Wrenne et Barak sortirent et Maleverer se jeta sur le siège de Barak, qui émit un craquement sonore. Il me gratifia de son sourire triste.

« Vous aviez raison à propos de Broderick, déclara-t-il de but en blanc.

— Dans quel sens ?

— Il était très faible. Je m’en suis aperçu dès qu’on l’a amené. J’avais fait préparer une pièce de la prison : le chevalet dans un coin et des fers en train de chauffer dans le feu, afin qu’il puisse voir ce qui l’attendait. » Il avait l’air de décrire les préparatifs d’un repas. « Radwinter s’est fait un plaisir de l’amener. Or, Broderick a à peine jeté un coup d’œil sur les instruments, et lorsque je lui ai annoncé qu’il tâterait de leur morsure et de leur brûlure s’il refusait de parler, il m’a simplement prié d’en finir au plus vite. Il ne manque pas de courage. » Il serra les lèvres. « Je suis donc passé à l’acte, et, afin que les gardiens n’entendent pas ce qu’il pourrait révéler, je les ai fait sortir. C’est donc Radwinter et moi qui avons serré les roues. Broderick est resté silencieux pendant une bonne minute, puis il a poussé un hurlement, avant de s’évanouir. Il avait perdu totalement connaissance. » Maleverer secoua la tête. « Il nous a fallu plusieurs minutes pour le ranimer. J’étais ennuyé et Radwinter, soudain pris de panique, m’a dit qu’on devrait arrêter.

— Un prisonnier est jadis mort des soins qu’il lui avait prodigués. L’archevêque Cranmer en a été fort mécontent.

— Si Broderick mourait avant de parler alors qu’il est sous ma garde, le roi me châtierait durement. De quoi souffre-t-il, à votre avis ? demanda-t-il en plongeant son regard dans le mien.

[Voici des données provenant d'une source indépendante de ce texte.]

(* Let $(\Delta,U,\mu_\Delta)$ be an expanding Young tower with $\mu_\Delta(\Delta_n)\le C\rho^n$. There exists $C>0$ such that for every finite $F\subset\mathbb N$ and all positive integers $(n_i)_{i\in F}$, $$\mu_\Delta\big(\{x\in\Delta_0:\forall i\in F,\ \phi(U_0^ix)=n_i\}\big)\le\prod_{i\in F}(C\rho^{n_i}).$$
   Context: Expanding Young tower: probability space $(\Delta,\mu_\Delta)$, measure-preserving $U$, partition $\{\Delta_{k,p}\}_{0\le k<r_p}$ with $U:\Delta_{k,p}\to\Delta_{k+1,p}$ and $U:\Delta_{r_p-1,p}\to\Delta_0=\bigcup_m\Delta_{0,m}$ measurable isomorphisms, and bounded distortion $|1-J(x)/J(y)|\le C\beta^{s(Ux,Uy)}$ for the inverse Jacobian $J$ of $U$ and $x,y$ in a common partition element ($s$ the separation time counted in returns to the basis). $\Delta_n=\bigcup_p\Delta_{n,p}$. $\phi$ is the first return time to $\Delta_0$ and $U_0=U^\phi$ the induced map on $\Delta_0$. *)

From HB Require Import structures.
From mathcomp Require Import all_boot all_order all_algebra.
From mathcomp Require Import all_classical all_reals all_analysis.

Set Implicit Arguments.
Unset Strict Implicit.
Unset Printing Implicit Defensive.

Import Order.TTheory GRing.Theory Num.Theory.
Local Open Scope classical_set_scope.
Local Open Scope ring_scope.

Section YoungTower.
Context {d : measure_display} {T : measurableType d} {R : realType}
        {I : countType}.

Definition level (D : nat -> I -> set T) (n : nat) : set T :=
  \bigcup_(p in [set: I]) D n p.

Definition same_elt (D : nat -> I -> set T) (x y : T) : Prop :=
  exists k p, D k p x /\ D k p y.

Definition visits (U : T -> T) (A : set T) (x : T) (m : nat) : nat :=
  count (fun k => `[< A (iter k U x) >]) (iota 0 m).

(* s(x,y) >= n, where s is the separation time counted in returns to
   the basis A = Delta_0: the orbits of x and y stay in common partition
   elements at every time k at which fewer than n visits to A occurred. *)
Definition sep_ge (D : nat -> I -> set T) (U : T -> T) (A : set T)
  (x y : T) (n : nat) : Prop :=
  forall k, (visits U A x k < n)%N -> same_elt D (iter k U x) (iter k U y).

(* first return time to A (0 if x never returns) *)
Definition first_return (U : T -> T) (A : set T) (x : T) : nat :=
  match pselect (exists n, `[< A (iter n.+1 U x) >]) with
  | left h => (ex_minn h).+1
  | right _ => 0%N
  end.

(* Expanding Young tower (Delta = T, mu, U) with partition
   {Delta_{k,p}}_{0 <= k < r p} (D k p = Delta_{k,p}), inverse Jacobian J
   and bounded distortion constants Cd, beta. *)
Definition expanding_young_tower (mu : probability T R) (U : T -> T)
  (D : nat -> I -> set T) (r : I -> nat) (J : T -> R) (Cd beta : R) : Prop :=
  let Delta0 := level D 0 in
  [/\
      (forall p, (0 < r p)%N) /\
      (forall k p, measurable (D k p)) /\
      (forall k p, (r p <= k)%N -> D k p = set0) /\
      (forall x, exists k p, D k p x) /\
      (forall k p k' p' x, D k p x -> D k' p' x -> k = k' /\ p = p'),
      measurable_fun setT U /\
      (forall A, measurable A -> mu (U @^-1` A) = mu A),
      (forall k p, (k.+1 < r p)%N -> set_bij (D k p) (D k.+1 p) U) /\
      (forall p, set_bij (D (r p).-1 p) Delta0 U) /\
      (forall k p A, measurable A -> A `<=` D k p -> measurable (U @` A)),
      (forall x, 0 < J x) /\ measurable_fun setT J /\
      (forall k p A, measurable A -> A `<=` D k p ->
         mu (U @` A) = (\int[mu]_(x in A) ((J x)^-1)%:E)%E) &
      [/\ 0 < Cd, 0 < beta, beta < 1 &
       forall k p x y n, D k p x -> D k p y ->
         sep_ge D U Delta0 (U x) (U y) n ->
         `|1 - J x / J y| <= Cd * beta ^+ n]].

End YoungTower.

(* On [Delta_{0,p}] the first return time is the height [r p] of the column
   and [U0 = U^(r p)], so the cylinder [{x in Delta0 | phi (U0^i x) = n_i}]
   splits into the pieces [Delta_{0,p} `&` U^-(r p) S'], where [S'] is the
   shifted cylinder and, when the condition at time 0 is present,
   [r p = n_0].  By invariance each piece has the measure of
   [Delta_{r p - 1,p} `&` U^-1 S'], and bounded distortion of the last step
   [U : Delta_{r p - 1,p} -> Delta0] gives
   [mu Delta0 * mu (Delta_{r p - 1,p} `&` U^-1 S')
      <= (1 + Cd)^2 * mu Delta_{r p - 1,p} * mu S'].
   Summing over [p] bounds the cylinder by
   [(1 + Cd)^2 * mu Delta_{n_0 - 1} / mu Delta0 * mu S' <= C rho^(n_0) mu S'];
   iterating over the times in [F] yields the product. *)

From HB Require Import structures.
From mathcomp Require Import all_boot all_order all_algebra.
From mathcomp Require Import all_classical all_reals all_analysis.
From mathcomp Require Import finmap measurable_realfun.
From mathcomp Require Import ring lra zify.

Import Order.TTheory GRing.Theory Num.Theory.
Local Open Scope classical_set_scope.
Local Open Scope ring_scope.

Set Implicit Arguments.
Unset Strict Implicit.
Unset Printing Implicit Defensive.

Section measure_facts.
Context {d : measure_display} {T : measurableType d} {R : realType}.

Lemma measurable_fun_inv_gt0 (f : T -> R) : (forall x, 0 < f x) ->
  measurable_fun setT f -> measurable_fun setT (fun x => (f x)^-1).
Proof.
move=> f_gt0 mf.
apply: (@measurable_comp _ _ _ T R R `]0, +oo[%classic GRing.inv setT f) => //.
- by move=> _ [x _ <-] /=; rewrite in_itv /= andbT.
- apply: open_continuous_measurable_fun; first exact: interval_open.
  move=> x /set_mem; rewrite /= in_itv /= andbT => x_gt0.
  by apply: inv_continuous; rewrite gt_eqF.
Qed.

Lemma bigcup_measurable_countable (I : countType) (Q : set I) (F : I -> set T) :
  (forall p, Q p -> measurable (F p)) -> measurable (\bigcup_(p in Q) F p).
Proof.
move=> mF; rewrite bigcup_mkcond; apply: countable_bigcupT_measurable => // p.
by case: ifPn => // /set_mem; exact: mF.
Qed.

Local Open Scope ereal_scope.

Lemma measure_bigcup_countable (I : countType) (mu : {measure set T -> \bar R})
    (Q : set I) (F : I -> set T) :
  (forall p, Q p -> measurable (F p)) -> trivIset Q F ->
  mu (\bigcup_(p in Q) F p) = \esum_(p in Q) mu (F p).
Proof.
move=> mF tF; pose G k := oapp F set0 (pickle_inv k).
have GE p : G (choice.pickle p) = F p by rewrite /G pickleK_inv.
have pinj : set_inj Q choice.pickle.
  by move=> p q _ _; exact: (pcan_inj pickleK_inv).
have -> : \bigcup_(p in Q) F p = \bigcup_(k in choice.pickle @` Q) G k.
  by rewrite bigcup_image; apply: eq_bigcupr => p _; rewrite GE.
rewrite measure_bigcup.
- rewrite nneseries_esum // set_mem_set esum_image //.
  by apply: eq_esum => p _; rewrite GE.
- by move=> _ [p Qp <-]; rewrite GE; exact: mF.
- by move=> _ _ [p Qp <-] [q Qq <-]; rewrite !GE => /(tF _ _ Qp Qq) ->.
Qed.

Lemma le_measure_bigcup_countable (I : countType)
    (nu1 nu2 : {measure set T -> \bar R}) (Q : set I) (F G : I -> set T) :
  (forall p, Q p -> measurable (F p)) -> (forall p, Q p -> measurable (G p)) ->
  trivIset Q F -> trivIset Q G ->
  (forall p, Q p -> nu1 (F p) <= nu2 (G p)) ->
  nu1 (\bigcup_(p in Q) F p) <= nu2 (\bigcup_(p in Q) G p).
Proof.
move=> mF mG tF tG le_FG.
by rewrite !measure_bigcup_countable //; exact: le_esum.
Qed.

End measure_facts.

Section young_tower.
Context {d : measure_display} {T : measurableType d} {R : realType}
  {I : countType}.
Variables (mu : probability T R) (U : T -> T) (D : nat -> I -> set T)
  (r : I -> nat) (J : T -> R) (Cd beta : R).
Hypothesis tower : expanding_young_tower mu U D r J Cd beta.

Local Notation Delta0 := (level D 0).
Local Notation phi := (first_return U Delta0).

Let r_gt0 p : (0 < r p)%N.
Proof. by case: tower => -[rp _]. Qed.

Let measurable_D k p : measurable (D k p).
Proof. by case: tower => -[_ [mD _]]. Qed.

Let D_ge_r k p : (r p <= k)%N -> D k p = set0.
Proof. by case: tower => -[_ [_ [Dge _]]] *; exact: Dge. Qed.

Let D_cover x : exists k p, D k p x.
Proof. by case: tower => -[_ [_ [_ [Dcov _]]]]. Qed.

Let D_uniq k p k' p' x : D k p x -> D k' p' x -> k = k' /\ p = p'.
Proof. by case: tower => -[_ [_ [_ [_ Duniq]]]] _ _ _ _; exact: Duniq. Qed.

Let measurable_U : measurable_fun setT U.
Proof. by case: tower => _ [mU _]. Qed.

Let U_preserving A : measurable A -> mu (U @^-1` A) = mu A.
Proof. by case: tower => _ [_ Upres] *; exact: Upres. Qed.

Let U_bij_step k p : (k.+1 < r p)%N -> set_bij (D k p) (D k.+1 p) U.
Proof. by case: tower => _ _ [bij _] *; exact: bij. Qed.

Let U_bij_top p : set_bij (D (r p).-1 p) Delta0 U.
Proof. by case: tower => _ _ [_ [bij _]]. Qed.

Let J_gt0 x : 0 < J x.
Proof. by case: tower => _ _ _ [Jpos _]. Qed.

Let measurable_J : measurable_fun setT J.
Proof. by case: tower => _ _ _ [_ [mJ _]]. Qed.

Let measure_image k p A : measurable A -> A `<=` D k p ->
  mu (U @` A) = (\int[mu]_(x in A) ((J x)^-1)%:E)%E.
Proof. by case: tower => _ _ _ [_ [_ Jint]] _; exact: Jint. Qed.

Let Cd_gt0 : 0 < Cd.
Proof. by case: tower => _ _ _ _ []. Qed.

Let distortion k p x y n : D k p x -> D k p y ->
  sep_ge D U Delta0 (U x) (U y) n -> `|1 - J x / J y| <= Cd * beta ^+ n.
Proof. by case: tower => _ _ _ _ [_ _ _ dist]; exact: dist. Qed.

Let measureE A : measurable A -> mu A = (fine (mu A))%:E.
Proof. by move=> mA; rewrite fineK //; exact: fin_num_measure. Qed.

Lemma D_lt_r k p x : D k p x -> (k < r p)%N.
Proof.
by move=> Dx; rewrite ltnNge; apply/negP => /D_ge_r Dkp; rewrite Dkp in Dx.
Qed.

Lemma D_succ k p x : D k p x -> (k.+1 < r p)%N -> D k.+1 p (U x).
Proof. by move=> Dx /U_bij_step[mapU _ _]; exact: mapU. Qed.

Lemma D_top_return p x : D (r p).-1 p x -> Delta0 (U x).
Proof. by have [mapU _ _] := U_bij_top p; exact: mapU. Qed.

Lemma D_pred k p x : D k.+1 p (U x) -> D k p x.
Proof.
move=> DUx; have [k' [q Dx]] := D_cover x.
have [lt_k'r|ge_k'r] := ltnP k'.+1 (r q).
  by have [[->] ->] := D_uniq DUx (D_succ Dx lt_k'r).
have {ge_k'r} ek : k' = (r q).-1 by move: (D_lt_r Dx) ge_k'r; lia.
rewrite ek in Dx; have [q' _ DUx'] := D_top_return Dx.
by have [] := D_uniq DUx DUx'.
Qed.

Lemma D0_of_iter k p x : D k p (iter k U x) -> D 0 p x.
Proof. by elim: k x => [//|k IHk] x /D_pred /IHk. Qed.

Lemma D_iter k p x : D 0 p x -> (k < r p)%N -> D k p (iter k U x).
Proof.
move=> D0x; elim: k => [//|k IHk] lt_kr.
exact: D_succ (IHk (ltnW lt_kr)) lt_kr.
Qed.

Lemma D_top_iter p x : D 0 p x -> D (r p).-1 p (iter (r p).-1 U x).
Proof. by move=> D0x; apply: D_iter D0x _; rewrite ltn_predL. Qed.

Lemma iter_r_return p x : D 0 p x -> Delta0 (iter (r p) U x).
Proof.
by move=> /D_top_iter /D_top_return; rewrite -iterS prednK.
Qed.

Lemma first_return_D0 p x : D 0 p x -> phi x = r p.
Proof.
move=> D0x; rewrite /first_return; case: pselect => [ex|]; last first.
  case; exists (r p).-1; apply/asboolP.
  by rewrite prednK //; exact: iter_r_return.
case: ex_minnP => m /asboolP [q _ Dq] min_m; rewrite -[RHS](prednK (r_gt0 p)).
congr _.+1; apply/eqP; rewrite eqn_leq; apply/andP; split.
  by apply: min_m; apply/asboolP; rewrite prednK //; exact: iter_r_return.
rewrite leqNgt; apply/negP => lt_mr.
have [] := D_uniq Dq (D_iter D0x _ : D m.+1 p _) => //.
by rewrite -ltn_predRL.
Qed.

Lemma measurable_level n : measurable (level D n).
Proof. exact: countable_bigcupT_measurable. Qed.

Lemma measurable_iter j : measurable_fun setT (iter j U).
Proof.
elim: j => [|j IHj]; first exact: measurable_id.
by rewrite (_ : iter j.+1 U = U \o iter j U) //; exact: measurableT_comp.
Qed.

Lemma measurable_preimage_iter j A :
  measurable A -> measurable (iter j U @^-1` A).
Proof. by move=> mA; rewrite -[_ @^-1` _]setTI; exact: measurable_iter. Qed.

Lemma measurable_D_preimage_iter k p j A :
  measurable A -> measurable (D k p `&` iter j U @^-1` A).
Proof. by move=> mA; exact: measurableI (measurable_preimage_iter j mA). Qed.

Lemma measure_preimage_iter j A : measurable A -> mu (iter j U @^-1` A) = mu A.
Proof.
elim: j A => [//|j IHj] A mA.
rewrite (_ : _ @^-1` _ = U @^-1` (iter j U @^-1` A)); last first.
  by apply/seteqP; split => x; rewrite /= -iterSr.
by rewrite U_preserving ?IHj //; exact: measurable_preimage_iter.
Qed.

Lemma trivIset_sub_D (h : I -> nat) (Q : set I) (G : I -> set T) :
  (forall p, G p `<=` D (h p) p) -> trivIset Q G.
Proof.
by move=> sGD p q _ _ [x [/sGD Dpx /sGD Dqx]]; have [] := D_uniq Dpx Dqx.
Qed.

Lemma J_le k p x y : D k p x -> D k p y -> J x <= (1 + Cd) * J y.
Proof.
move=> Dx Dy; have sep0 : sep_ge D U Delta0 (U x) (U y) 0.
  by move=> i; rewrite ltn0.
have := distortion Dx Dy sep0; rewrite expr0 mulr1 => dist_xy.
rewrite -ler_pdivrMr //; move: (ler_norm (J x / J y - 1)); rewrite distrC.
lra.
Qed.

Let measurable_invJ : measurable_fun setT (fun x => ((J x)^-1)%:E).
Proof. by apply/measurable_EFinP; exact: measurable_fun_inv_gt0. Qed.

Section image_bounds.
Variables (k : nat) (p : I) (A : set T) (y : T).
Hypotheses (mA : measurable A) (sAD : A `<=` D k p) (Dy : D k p y).

Lemma measure_image_le : (mu (U @` A) <= ((1 + Cd) / J y)%:E * mu A)%E.
Proof.
rewrite (measure_image mA sAD) -integral_cst //; apply: ge0_le_integral => //.
- by move=> x _; rewrite lee_fin ltW // invr_gt0.
- exact: measurable_funTS.
- move=> x /sAD Dx; rewrite lee_fin ler_pdivlMr // mulrC ler_pdivrMr //.
  exact: J_le Dy Dx.
Qed.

— D’affaiblissement, d’épuisement, conséquence de son emprisonnement, de son empoisonnement, et du séjour dans cette voiture durant plusieurs jours.

— Vous étiez censé vous assurer qu’il reste en bonne santé.

— J’ai fait de mon mieux.

— Eh bien, dorénavant, je m’occuperai de lui personnellement, afin qu’il arrive à la Tour en possession de tous ses moyens. Je vais l’engraisser. Radwinter n’osera pas s’opposer à moi. Votre mission dans ce domaine prend fin séance tenante.

— L’archevêque Cranmer…

— Je tiens mes ordres du Conseil privé.

— Je vois. » Très bien. Ma mission s’achevait. Je pouvais me laver les mains de Broderick. Tel Ponce Pilate.

— Sir William, m’enquis-je, savez-vous combien de temps nous allons rester à Hull ? »

Il désigna la fenêtre du menton. « Un bateau attend, et, outre Broderick, plusieurs dignitaires ont besoin de rentrer à Londres plus vite que leur monture ne peut les y conduire. Toutefois, nous devons patienter jusqu’à ce que le temps s’améliore, car la pluie ralentira notre cheminement par la route, surtout si Broderick est transporté en voiture. » Il foudroya du regard les vitres sur lesquelles tambourinait la pluie.

« Puis-je quand même rentrer à bord du bateau ? » Maintenant que mon rôle d’accompagnateur était terminé, il n’y avait aucune raison que je regagne Londres le plus vite possible, mais j’avais une envie folle de me retrouver chez moi. Je devais également penser à Giles et à Barak. Persuadé qu’il refuserait, je fus surpris qu’il opine du chef.

« Certes.

— Monsieur, lorsque nous lèverons l’ancre, messire Wrenne pourrait-il nous accompagner ? » J’hésitai, me rappelant une autre promesse. « Ainsi que la jeune Reedbourne ? »

Il haussa les épaules. « Peu me chaut. Renseignez-vous au bureau du chambellan si vous le souhaitez. Il reste des places à bord mais les agents officiels demanderont à être payés.

— Merci.

— Ne me remerciez pas jusqu’à ce que vous soyez arrivé sain et sauf à Londres », dit-il. Sur ce, il quitta la pièce, l’air quelque peu mystérieux et moqueur. L’expression de son visage produisit en moi un certain malaise.